3. Liga
- Season: 2011–12
- Promoted: SV Sandhausen VfR Aalen Jahn Regensburg
- Relegated: Rot-Weiß Oberhausen Carl Zeiss Jena Werder Bremen II
- Matches: 380
- Goals: 956 (2.52 per match)
- Top goalscorer: Marcel Reichwein (17 goals)
- Biggest home win: U'haching 6–0 CZ Jena
- Biggest away win: W. Bremen II 0–4 K. Offenbach A. Bielefeld 0–4 Saarbrücken W. Bremen II 0–4 Aalen Wehen 0–4 Sandhausen W. Bremen II 0–4 Darmstadt Aalen 0–4 Osnabrück
- Highest scoring: CZ Jena 4–3 A. Bielefeld Saarbrücken 5–2 RW Oberhausen Stuttgart II 2–5 A. Bielefeld

= 2011–12 3. Liga =

4th season of the 3. Liga

The 2011–12 3. Liga was the fourth season of the 3. Liga, Germany's third tier of its football league system. The season commenced on 22 July 2011, two weeks earlier than the 2011–12 Bundesliga season and one week after the 2011–12 2. Bundesliga season, and ended with the last games on 5 May 2012. The traditional winter break was held between the weekends around 18 December 2011 and 22 January 2012.

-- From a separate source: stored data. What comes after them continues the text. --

(* Let $K$ be a ramified quadratic extension of $\mathbb{Q}_2$ with ring of integers $\mathcal{O}$ and uniformizer $\pi$ as specified in the context, and let $d=2m$ with $m$ odd, $m\ge3$. Let $r\ge 0$ be an integer. (1) If $a_1=\pi^r u_1$, $a_2=\pi^r u_2$ with $u_1,u_2$ units whose $\pi$-coefficients differ, then for each $e\in\{0,1\}$ there exist units $b_1,b_2\in\mathcal{O}$ with $a_1b_1^d+a_2b_2^d=\pi^{r+1}w$, where $w$ is a unit with $\pi$-coefficient $e$. (2) If $a_1=\pi^r u_1$, $a_2=\pi^r u_2$ with $u_1,u_2$ units having the same $\pi$-coefficient, then there exist units $b_1,b_2\in\mathcal{O}$ with $\mathrm{ord}_\pi(a_1b_1^d+a_2b_2^d)=r+2$. (3) Under the hypothesis of (2), there exist units $b_1,b_2\in\mathcal{O}$ with $\mathrm{ord}_\pi(a_1b_1^d+a_2b_2^d)\ge r+3$ (where $\mathrm{ord}_\pi(0)=\infty$). (4) Suppose $K\in\{\mathbb{Q}_2(\sqrt{-1}),\mathbb{Q}_2(\sqrt{-5})\}$. If $a_1,a_2,a_3$ are of the form $a_i=\pi^r u_i$ with units $u_i$ all having the same $\pi$-coefficient, then there are indices $i\neq j$ in $\{1,2,3\}$ and units $b_i,b_j\in\mathcal{O}$ with $\mathrm{ord}_\pi(a_ib_i^d+a_jb_j^d)\ge r+4$. (5) Suppose $K\in\{\mathbb{Q}_2(\sqrt{2}),\mathbb{Q}_2(\sqrt{10}),\mathbb{Q}_2(\sqrt{-2}),\mathbb{Q}_2(\sqrt{-10})\}$. If $a_1,a_2,a_3$ are of the form $a_i=\pi^r u_i$ with units $u_i$ all having the same $\pi$-coefficient $c$, then there are indices $i\neq j$ in $\{1,2,3\}$ and units $b_i,b_j\in\mathcal{O}$ with $a_ib_i^d+a_jb_j^d=\pi^{r+2}w$, where $w$ is a unit whose $\pi$-coefficient is $c$.
   Context: $K$ is one of the six ramified quadratic extensions of $\mathbb{Q}_2$, with uniformizer $\pi$ chosen as follows: $\pi=\sqrt{2}$ for $\mathbb{Q}_2(\sqrt2)$, $\pi=\sqrt{-2}$ for $\mathbb{Q}_2(\sqrt{-2})$, $\pi=\sqrt{10}$ for $\mathbb{Q}_2(\sqrt{10})$, $\pi=\sqrt{-10}$ for $\mathbb{Q}_2(\sqrt{-10})$, $\pi=1+\sqrt{-1}$ for $\mathbb{Q}_2(\sqrt{-1})$, $\pi=1+\sqrt{-5}$ for $\mathbb{Q}_2(\sqrt{-5})$. Every unit $u\in\mathcal{O}$ has a unique expansion $u=c_0+c_1\pi+c_2\pi^2+\cdots$ with all $c_k\in\{0,1\}$ and $c_0=1$; $c_1$ is called the $\pi$-coefficient of $u$. *)

(* Concrete model of the ring of integers O of the six
   ramified quadratic extensions K = Q_2(sqrt D) of Q_2.  In all six cases
   D = 2,-2,10,-10,-1,-5 one has O = Z_2[sqrt D], and we realise
   O = lim_n Z[sqrt D] / 2^n Z[sqrt D]  as coherent sequences of
   pairs (a_n, b_n) of integers, (a_n, b_n) standing for a_n + b_n sqrt D
   modulo 2^n. *)
From mathcomp Require Import all_boot all_order all_algebra.
Set Implicit Arguments. Unset Strict Implicit. Unset Printing Implicit Defensive.
Import GRing.Theory Num.Theory.
Local Open Scope ring_scope.
(* Consider the generalized nested logit (GNL) model with $K$ nests, nest parameters $0<\lambda_k\le1$ ($k=1,\dots,K$), and allocation parameters $\alpha_{ik}\ge0$ with $\sum_{k=1}^K\alpha_{ik}=1$ for every $i\in A$. Let $T\ge1$, let $u_1,\dots,u_T$ be arbitrary payoff vectors with $\|u_t\|_\infty\le u_{\max}$, and set $$\eta=\sqrt{\frac{\big(\tfrac{2}{\min_k\lambda_k}-1\big)T u_{\max}^2}{2\log N}}.$$ Then the regret of the GNL-SSA satisfies $$R^T_{SSA}\le u_{\max}\sqrt{2\log N\Big(\frac{2}{\min_k\lambda_k}-1\Big)T}.$$
   Context: $N\ge2$, $A=\{1,\dots,N\}$, $\Delta_N=\{x\in\mathbb{R}^N:x_i\ge0,\sum_ix_i=1\}$. The GNL generator is $G(y)=\sum_{k=1}^K\big(\sum_{i=1}^N(\alpha_{ik}y_i)^{1/\lambda_k}\big)^{\lambda_k}$ for $y\in\mathbb{R}^N_+$. Set $\theta_0=0$, $\theta_t=\sum_{s=1}^tu_s$, and $e^{\theta/\eta}=(e^{\theta_1/\eta},\dots,e^{\theta_N/\eta})$. The GNL-SSA chooses $x_t=\nabla\psi_\eta(\theta_{t-1})$, $t=1,\dots,T$, where $\psi_\eta(\theta)=\eta\log G(e^{\theta/\eta})$; equivalently $x_{t,j}=\sum_{k=1}^K P_{k}\,P_{j|k}$ with $P_k=e^{v_k}/\sum_{\ell}e^{v_\ell}$, $v_k=\lambda_k\log\sum_{i}(\alpha_{ik}e^{\theta_{i,t-1}/\eta})^{1/\lambda_k}$, and $P_{j|k}=(\alpha_{jk}e^{\theta_{j,t-1}/\eta})^{1/\lambda_k}/\sum_i(\alpha_{ik}e^{\theta_{i,t-1}/\eta})^{1/\lambda_k}$. The regret of a sequence $x_1,\dots,x_T\in\Delta_N$ is $R^T=\max_{x\in\Delta_N}\langle\theta_T,x\rangle-\sum_{t=1}^T\langle u_t,x_t\rangle$. *)

From mathcomp Require Import all_boot all_order all_algebra.
From mathcomp Require Import all_classical all_reals.
From mathcomp Require Import sequences exp.
Set Implicit Arguments. Unset Strict Implicit. Unset Printing Implicit Defensive.
Import Order.TTheory GRing.Theory Num.Theory.
Local Open Scope ring_scope.

Section GNL.
Variables (R : realType) (N K : nat).
Variables (alpha : 'I_N -> 'I_K -> R) (lam : 'I_K -> R) (eta : R).

(* cumulative payoff theta_t = sum_{s=1}^t u_s ; payoffs indexed u 1, ..., u T *)
Definition theta (u : nat -> 'I_N -> R) (t : nat) (i : 'I_N) : R :=
  \sum_(1 <= s < t.+1) u s i.

(* S_k(theta) = sum_i (alpha_ik e^{theta_i/eta})^{1/lambda_k};
   e^{v_k} = S_k^{lambda_k} *)
Definition nest_sum (th : 'I_N -> R) (k : 'I_K) : R :=
  \sum_(i < N) powR (alpha i k * expR (th i / eta)) (lam k)^-1.

Definition nest_weight (th : 'I_N -> R) (k : 'I_K) : R :=
  powR (nest_sum th k) (lam k).

Definition P_nest (th : 'I_N -> R) (k : 'I_K) : R :=
  nest_weight th k / \sum_(l < K) nest_weight th l.

Definition P_cond (th : 'I_N -> R) (j : 'I_N) (k : 'I_K) : R :=
  powR (alpha j k * expR (th j / eta)) (lam k)^-1 / nest_sum th k.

The league comprises fourteen teams from the 2010–11 season, the last two teams from the 2010–11 2. Bundesliga, the losers of the promotion play-off between the 16th-placed 2. Bundesliga team and the third-placed 3. Liga team as well as the three champions of the three 2010–11 Regionalliga divisions.

==Teams==
Eintracht Braunschweig as 2010–11 champions and runners-up Hansa Rostock were directly promoted to the 2011–12 2. Bundesliga. Braunschweig, who were a member of the league since the inaugural season, will return to the 2. Bundesliga after a total of four seasons in the third tier of the German football pyramid, while Rostock only had a cameo appearance in the league.

The two promoted teams will be replaced by the two worst-placed teams of the 2010–11 2. Bundesliga season, Rot-Weiß Oberhausen and Arminia Bielefeld. Pending license approvals (see below), both clubs will make their debut in the league; Oberhausen will drop to the third level after three years, while Arminia will return to the third tier after sixteen seasons.

On the other end of the table, Bayern Munich II were relegated to their respective 2011–12 Fußball-Regionalliga divisions after finishing the 2010–11 season at the bottom of the table, thus ending a run which saw them being part of a German third-tier league since 1973. Wacker Burghausen and Werder Bremen II, who were originally going to be relegated as well, were eventually spared as Rot Weiss Ahlen and TuS Koblenz would not enter the league for the 2011–12 season. Ahlen were automatically demoted after the club had to file for administration after the completion of the 2010–11 season, while Koblenz voluntarily withdrew their participation following being unable to generate an adequate budget for the season.

The three relegated teams will be replaced by the champions of the three 2010–11 Regionalliga divisions, Chemnitzer FC, SV Darmstadt 98 and SC Preußen Münster. All three clubs will make their debuts in the 3. Liga, but nevertheless have played in a third-tier league before. Both Regionalliga Nord champions Chemnitz and Regionalliga West winners Preußen Münster returned to this level after an absence of five seasons, while Darmstadt 98 completed a four-year tenure at the fourth tier.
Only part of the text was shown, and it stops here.